PROMPT: All of the entries below need to be repeated exactly.

MATERIAL PROVIDED:
Lemma damped_cos_real_nonneg (k : nat) (l : C) (t : R) :
  Im l = 0 -> 0 <= damped_cos k l t.
Proof.
  intros Him. unfold damped_cos. rewrite Him.
  replace (0 / Re l) with 0 by (unfold Rdiv; ring).
  rewrite atan_0. replace (INR k * 0 - 0 * t) with 0 by ring. rewrite cos_0, Rmult_1_r.
  apply Rmult_le_pos; [apply pow_le, Cmod_ge_0 | apply Rlt_le, exp_pos].
Qed.

Lemma Rabs_damped_cos_mul_INR_le (k : nat) (l : C) (tau : R) :
  Rabs (damped_cos k l (INR k * tau)) <= amp l tau ^ k.
Proof.
  eapply Rle_trans; [apply Rabs_damped_cos_le|]. unfold amp.
  rewrite Rpow_mult_distr, <- exp_INR_mul.
  replace (INR k * (- (Re l * tau))) with (- (Re l * (INR k * tau))) by ring. lra.
Qed.

Lemma amp_pos (l : C) (tau : R) : 0 < Cmod l -> 0 < amp l tau.
Proof. intros Hl. apply Rmult_lt_0_compat; [exact Hl | apply exp_pos]. Qed.

Lemma amp_shift (l : C) (tau0 tau : R) :
  amp l tau = amp l tau0 * exp (- (Re l * (tau - tau0))).
Proof. unfold amp. rewrite Rmult_assoc, <- exp_plus. do 3 f_equal. ring. Qed.

Lemma amp_antitone (l : C) (tau0 tau : R) : 0 <= Re l -> tau0 <= tau ->
  amp l tau <= amp l tau0.
Proof.
  intros Hl Htau. unfold amp. apply Rmult_le_compat_l; [apply Cmod_ge_0|].
  apply exp_le_compat. nra.
Qed.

EXERCISE ANSWER:
Lemma damped_cos_real_nonneg (k : nat) (l : C) (t : R) :
  Im l = 0 -> 0 <= damped_cos k l t.
Proof.
  intros Him. unfold damped_cos. rewrite Him.
  replace (0 / Re l) with 0 by (unfold Rdiv; ring).
  rewrite atan_0. replace (INR k * 0 - 0 * t) with 0 by ring. rewrite cos_0, Rmult_1_r.
  apply Rmult_le_pos; [apply pow_le, Cmod_ge_0 | apply Rlt_le, exp_pos].
Qed.

Lemma Rabs_damped_cos_mul_INR_le (k : nat) (l : C) (tau : R) :
  Rabs (damped_cos k l (INR k * tau)) <= amp l tau ^ k.
Proof.
  eapply Rle_trans; [apply Rabs_damped_cos_le|]. unfold amp.
  rewrite Rpow_mult_distr, <- exp_INR_mul.
  replace (INR k * (- (Re l * tau))) with (- (Re l * (INR k * tau))) by ring. lra.
Qed.

Lemma amp_pos (l : C) (tau : R) : 0 < Cmod l -> 0 < amp l tau.
Proof. intros Hl. apply Rmult_lt_0_compat; [exact Hl | apply exp_pos]. Qed.

Lemma amp_shift (l : C) (tau0 tau : R) :
  amp l tau = amp l tau0 * exp (- (Re l * (tau - tau0))).
Proof. unfold amp. rewrite Rmult_assoc, <- exp_plus. do 3 f_equal. ring. Qed.

Lemma amp_antitone (l : C) (tau0 tau : R) : 0 <= Re l -> tau0 <= tau ->
  amp l tau <= amp l tau0.
Proof.
  intros Hl Htau. unfold amp. apply Rmult_le_compat_l; [apply Cmod_ge_0|].
  apply exp_le_compat. nra.
Qed.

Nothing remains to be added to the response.